→ TASK INSTRUCTIONS: After reading the entries below, copy word for word the lines from the first through the line containing "rewrite add0r; apply: le_trans", and stop there.

(Saved data entries)
=-=-=-=-=
Let f0 : f 0 = 0.
Proof.
have := f_linear 1 0 0; rewrite scaler0 addr0 mul1r => h.
by apply: (addrI (f 0)); rewrite -h addr0.
Qed.

Let fD x y : f (x + y) = f x + f y.
Proof. by have := f_linear 1 x y; rewrite scale1r mul1r. Qed.

Let fZ a x : f (a *: x) = a * f x.
Proof. by have := f_linear a x 0; rewrite !addr0 f0 addr0. Qed.

Let fB x y : f (x - y) = f x - f y.
Proof. by rewrite fD -scaleN1r fZ mulN1r. Qed.

Lemma eq0_of_small_preimage (c : R[i]) :
  (forall e, 0 < e -> exists v, f v = c /\ sqnorm ip v < e) -> c = 0.
Proof.
move=> hc.
have : complex.Re c ^+ 2 + complex.Im c ^+ 2 <= 0.
  apply: (@ler_addgt0_scaled _ _ _ (K ^+ 2)) => e e0 _.
  have [v [<- hv]] := hc e e0.
  rewrite add0r; apply: le_trans (f_bounded v) _.
  by rewrite ler_wpM2l ?sqr_ge0 ?ltW.
case: c {hc} => a b /= hab.
by apply/eqP; rewrite eq_complex /=; apply/andP; split; apply/eqP; nra.
Qed.

Section UnitLevel.
Variable x1 : H.
Hypothesis f_x1 : f x1 = 1.

Let level := sqnorm ip @` [set x | f x = 1].
Let d := inf level.

Let level_inf : has_inf level.
Proof.
split; first by exists (sqnorm ip x1), x1.
by exists 0 => _ [x _ <-]; apply: sqnorm_ge0.
Qed.

Let d_le x : f x = 1 -> d <= sqnorm ip x.
Proof. by move=> fx; apply: ge_inf level_inf.2 _ _; exists x. Qed.

Let d_ge0 : 0 <= d.
Proof. by apply: lb_le_inf level_inf.1 _ => _ [x _ <-]; apply: sqnorm_ge0. Qed.

Let d_approx e : 0 < e -> exists x, f x = 1 /\ sqnorm ip x < d + e.
Proof. by move=> e0; have [_ [x fx <-] hx] := inf_adherent e0 level_inf; exists x. Qed.

Lemma level_sqnormB a b ea eb : f a = 1 -> f b = 1 ->
  sqnorm ip a < d + ea -> sqnorm ip b < d + eb -> sqnorm ip (a - b) <= 2 * ea + 2 * eb.
Proof.
move=> fa fb ha hb; pose m := (2^-1 : R[i]) *: (a + b).
have fm : f m = 1 by rewrite fZ fD fa fb; field.
have mm : m + m = a + b.
  by rewrite -scalerDl -[in RHS](scale1r (a + b)); congr (_ *: _); field.
have hm : 4 * d <= sqnorm ip (a + b).
  by rewrite -mm (sqnormD hH); have := d_le fm; rewrite /sqnorm; lra.
by have := parallelogram hH a b; lra.
Qed.

Let inv_succ_gt0 n : 0 < (n.+1%:R : R)^-1.
Proof. by rewrite invr_gt0 ltr0n. Qed.

Let u n : H := sval (cid (d_approx (inv_succ_gt0 n))).

Let uP n : f (u n) = 1 /\ sqnorm ip (u n) < d + (n.+1%:R)^-1.
Proof. exact: svalP (cid (d_approx (inv_succ_gt0 n))). Qed.

Lemma minimizing_sequence_cvg : exists p, forall e, 0 < e ->
  exists M, forall n, (M <= n)%N -> sqnorm ip (u n - p) < e.
Proof.
have u_cauchy e : 0 < e -> exists M, forall m n, (M <= m)%N -> (M <= n)%N ->
    hnorm ip (u m - u n) < e.
  move=> e0; have [M hM] := inv_succ_small (divr_gt0 (exprn_gt0 2 e0) (ltr0n _ 4)).
  exists M => m n hm hn; rewrite hnorm_lt_sqr //.
  have [[fm um] [fn un]] := (uP m, uP n).
  have := level_sqnormB fm fn um un.
  have := hM m hm; have := hM n hn.
  by move: (m.+1%:R^-1) (n.+1%:R^-1) => a b; lra.
have [p hp] := ip_complete hH u_cauchy.
exists p => e e0.
have [M hM] : exists M, forall n, (M <= n)%N -> hnorm ip (u n - p) < Num.sqrt e.
  by apply: hp; rewrite sqrtr_gt0.
exists M => n hn; rewrite -[e](@sqr_sqrtr _ e) ?ltW // -hnorm_lt_sqr ?sqrtr_gt0 //.
by apply: hM.
Qed.

Lemma exists_sqnorm_min_level :
  exists2 p, f p = 1 & forall x, f x = 1 -> sqnorm ip p <= sqnorm ip x.
Proof.
have [p hp] := minimizing_sequence_cvg.
have fp : f p = 1.
  apply/eqP; rewrite eq_sym -subr_eq0; apply/eqP/eq0_of_small_preimage => e e0.
  have [M hM] := hp e e0.
  by exists (u M - p); rewrite fB (uP M).1 hM.
exists p => // x fx; apply: le_trans (d_le fx).
apply: sqnorm_le_of_approx => // e e0.
have [M1 hM1] := inv_succ_small e0.
have [M2 hM2] := hp _ (exprn_gt0 2 e0).
pose n := maxn M1 M2; exists (u n); split.
  have := hM1 n (leq_maxl _ _); have := (uP n).2.
  by move: (n.+1%:R^-1) => a; lra.
by rewrite -(sqnormN hH) opprB hM2 // leq_maxr.
Qed.

Lemma riesz_unit_level : exists z, forall x, f x = ip x z.
Proof.
have [p fp pmin] := exists_sqnorm_min_level.
have orth k : f k = 0 -> ip k p = 0.
  move=> fk; apply: (ip_eq0_of_sqnorm_min hH) => s.
  by apply: pmin; rewrite fD fZ fk mulr0 addr0.
have np : sqnorm ip p != 0.
  apply/eqP => /(sqnorm_eq0 hH) p0.
  by move: fp; rewrite p0 f0 => /eqP; rewrite eq_sym oner_eq0.
exists (((sqnorm ip p)^-1)%:C *: p) => x.
rewrite (ipZr hH) conjc_real.
have := orth (x - f x *: p); rewrite fB fZ fp mulr1 subrr => /(_ erefl).
rewrite (ipBl hH) (ipZl hH) (ipxx hH) => /eqP; rewrite subr_eq0 => /eqP ->.
by rewrite mulrCA -rmorphM mulVf // rmorph1 mulr1.
Qed.

End UnitLevel.

Lemma riesz_representation : exists z, forall x, f x = ip x z.
Proof.
have [f_eq0 | /existsNP [x0 /eqP fx0]] := pselect (forall x, f x = 0).
  by exists 0 => x; rewrite f_eq0 (ip0r hH).
by apply: (@riesz_unit_level ((f x0)^-1 *: x0)); rewrite fZ mulVf.
Qed.

End Riesz.

Section Operators.
Variables (R : realType) (H : lmodType R[i]) (ip : H -> H -> R[i]).
Hypothesis hH : is_hilbert ip.
Local Notation bnd := (bounded_op ip).

Lemma bounded_opP T : bnd T ->
  exists2 M, 0 <= M & forall x, hnorm ip (T x) <= M * hnorm ip x.
Proof.
case=> _ [M hM]; exists (Num.max M 0); first by rewrite le_max lexx orbT.
move=> x; apply: le_trans (hM x) _; apply: ler_wpM2r; first exact: hnorm_ge0.
by rewrite le_max lexx.
Qed.

Section Linearity.
Variable T : H -> H.
Hypothesis bT : bnd T.

Lemma bounded_op0 : T 0 = 0.
Proof.
have := bT.1 1 0 0; rewrite scaler0 addr0 scale1r => h.
by apply: (addrI (T 0)); rewrite -h addr0.
Qed.

Lemma bounded_opD x y : T (x + y) = T x + T y.
Proof. by have := bT.1 1 x y; rewrite !scale1r. Qed.

Lemma bounded_opZ a x : T (a *: x) = a *: T x.
Proof. by have := bT.1 a x 0; rewrite !addr0 bounded_op0 addr0. Qed.

Lemma bounded_opN x : T (- x) = - T x.
Proof. by rewrite -scaleN1r bounded_opZ scaleN1r. Qed.

End Linearity.

Lemma bounded_op_add X Y : bnd X -> bnd Y -> bnd (opadd X Y).
Proof.
move=> bX bY; split.
  by move=> a x y; rewrite /opadd bX.1 bY.1 scalerDr addrACA.
have [M1 M10 h1] := bounded_opP bX; have [M2 M20 h2] := bounded_opP bY.
exists (M1 + M2) => x; apply: le_trans (hnormD hH _ _) _.
by have := h1 x; have := h2 x; lra.
Qed.

Lemma bounded_op_scale a X : bnd X -> bnd (opscale a X).
Proof.
move=> bX; split.
  by move=> b x y; rewrite /opscale bX.1 scalerDr !scalerA mulrC.
have [M M0 h] := bounded_opP bX.
exists (complex.Re `|a| * M) => x.
by rewrite /opscale (hnormZ hH) -mulrA ler_wpM2l ?Re_norm_ge0 ?h.
Qed.

Lemma bounded_op_mul X Y : bnd X -> bnd Y -> bnd (opmul X Y).
Proof.
move=> bX bY; split; first by move=> a x y; rewrite /opmul bY.1 bX.1.
have [M1 M10 h1] := bounded_opP bX; have [M2 M20 h2] := bounded_opP bY.
exists (M1 * M2) => x; apply: le_trans (h1 _) _.
by rewrite -mulrA ler_wpM2l ?h2.
Qed.

Lemma opsubE (X Y : H -> H) : opsub X Y = opadd X (opscale (-1) Y).
Proof. by apply: funext => x; rewrite /opsub /opadd /opscale scaleN1r. Qed.

Lemma bounded_op_sub X Y : bnd X -> bnd Y -> bnd (opsub X Y).
Proof.
by move=> bX bY; rewrite opsubE; apply/bounded_op_add/bounded_op_scale.
Qed.

Lemma adjoint_exists T : bnd T -> exists S, is_adjoint ip T S.
Proof.
move=> bT; have [M M0 hM] := bounded_opP bT.
have rep y : exists z, forall x, ip (T x) y = ip x z.
  apply: (riesz_representation hH (K := M * hnorm ip y)).
    by move=> a x x'; rewrite bT.1 (ipDl hH) (ipZl hH).
  move=> v; apply: le_trans (ip_sqr_le hH _ _) _.
  rewrite exprMn (hnorm_sqr hH) mulrAC ler_wpM2r ?sqnorm_ge0 //.
  by rewrite -!(hnorm_sqr hH) -exprMn ler_pXn2r ?nnegrE ?mulr_ge0 ?hnorm_ge0 ?hM.
have [S hS] := @boolp.choice _ _ _ rep.
by exists S => x y; apply: hS.
Qed.

Lemma adjointP T : bnd T -> is_adjoint ip T (adjoint ip T).
Proof. by move=> bT; apply: epsilon_spec; apply: adjoint_exists. Qed.

Lemma adjoint_unique T S : bnd T -> is_adjoint ip T S -> adjoint ip T = S.
Proof.
move=> bT hS; apply: funext => y; apply: (ip_injr hH) => x.
by rewrite -(adjointP bT) hS.
Qed.

Lemma bounded_op_adjoint T : bnd T -> bnd (adjoint ip T).
Proof.
move=> bT; have hA := adjointP bT; set A := adjoint ip T.
split=> [a y y' | ].
  apply: (ip_injr hH) => x.
  by rewrite -hA (ipDr hH) (ipZr hH) (ipDr hH) (ipZr hH) !hA.
have [M M0 hM] := bounded_opP bT; exists M => y.
have hAy : hnorm ip (A y) ^+ 2 <= M * hnorm ip y * hnorm ip (A y).
  rewrite (hnorm_sqr hH) /sqnorm -hA; apply: le_trans (Re_ip_le hH _ _) _.
  by rewrite mulrAC ler_wpM2r ?hnorm_ge0 ?hM.
have [-> | Ay0] := eqVneq (hnorm ip (A y)) 0; first by rewrite mulr_ge0 ?hnorm_ge0.
have Aypos : 0 < hnorm ip (A y) by rewrite lt_neqAle eq_sym Ay0 hnorm_ge0.
by rewrite -(ler_pM2r Aypos) -expr2.
Qed.

Lemma bounded_op_Re T : bnd T -> bnd (opRe ip T).
Proof.
by move=> bT; apply/bounded_op_scale/bounded_op_add/bounded_op_adjoint.
Qed.

Lemma adjointD X Y : bnd X -> bnd Y ->
  adjoint ip (opadd X Y) = opadd (adjoint ip X) (adjoint ip Y).
Proof.
move=> bX bY; apply: adjoint_unique; first exact: bounded_op_add.
by move=> x y; rewrite /opadd (ipDl hH) (ipDr hH) (adjointP bX) (adjointP bY).
Qed.

Lemma adjointZ a X : bnd X ->
  adjoint ip (opscale a X) = opscale (conjc a) (adjoint ip X).
Proof.
move=> bX; apply: adjoint_unique; first exact: bounded_op_scale.
move=> x y; rewrite /opscale (ipZl hH) (ipZr hH) (adjointP bX).
by case: a => ? ? /=; rewrite opprK.
Qed.

Lemma adjointB X Y : bnd X -> bnd Y ->
  adjoint ip (opsub X Y) = opsub (adjoint ip X) (adjoint ip Y).
Proof.
move=> bX bY; rewrite !opsubE adjointD //; last exact: bounded_op_scale.
by rewrite adjointZ //; congr (opadd _ (opscale _ _)); rewrite /= oppr0.
Qed.

Lemma opscaleDr a (X Y : H -> H) :
  opscale a (opadd X Y) = opadd (opscale a X) (opscale a Y).
Proof. by apply: funext => x; rewrite /opscale /opadd scalerDr. Qed.

Lemma opscaleA a b (X : H -> H) : opscale a (opscale b X) = opscale (a * b) X.
Proof. by apply: funext => x; rewrite /opscale scalerA. Qed.

Lemma opRe_add X Y : bnd X -> bnd Y ->
  opRe ip (opadd X Y) = opadd (opRe ip X) (opRe ip Y).
Proof.
move=> bX bY; rewrite /opRe adjointD // -opscaleDr; congr (opscale _ _).
by apply: funext => x; rewrite /opadd addrACA.
Qed.

Lemma opRe_real r X : bnd X ->
  opRe ip (opscale r%:C X) = opscale r%:C (opRe ip X).
Proof.
move=> bX; rewrite /opRe adjointZ // conjc_real -opscaleDr !opscaleA.
by rewrite mulrC.
Qed.

End Operators.

Section NumericalRadius.
Variables (R : realType) (H : lmodType R[i]) (ip : H -> H -> R[i]).
Hypothesis hH : is_hilbert ip.
Variable N : (H -> H) -> R.
Hypothesis hN : algebra_sa_norm ip N.
Local Notation bnd := (bounded_op ip).
Local Notation wN := (wN ip N).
=-=-=-=-=
→ RESULT FOR THIS EXERCISE:
Let f0 : f 0 = 0.
Proof.
have := f_linear 1 0 0; rewrite scaler0 addr0 mul1r => h.
by apply: (addrI (f 0)); rewrite -h addr0.
Qed.

Let fD x y : f (x + y) = f x + f y.
Proof. by have := f_linear 1 x y; rewrite scale1r mul1r. Qed.

Let fZ a x : f (a *: x) = a * f x.
Proof. by have := f_linear a x 0; rewrite !addr0 f0 addr0. Qed.

Let fB x y : f (x - y) = f x - f y.
Proof. by rewrite fD -scaleN1r fZ mulN1r. Qed.

Lemma eq0_of_small_preimage (c : R[i]) :
  (forall e, 0 < e -> exists v, f v = c /\ sqnorm ip v < e) -> c = 0.
Proof.
move=> hc.
have : complex.Re c ^+ 2 + complex.Im c ^+ 2 <= 0.
  apply: (@ler_addgt0_scaled _ _ _ (K ^+ 2)) => e e0 _.
  have [v [<- hv]] := hc e e0.
  rewrite add0r; apply: le_trans (f_bounded v) _.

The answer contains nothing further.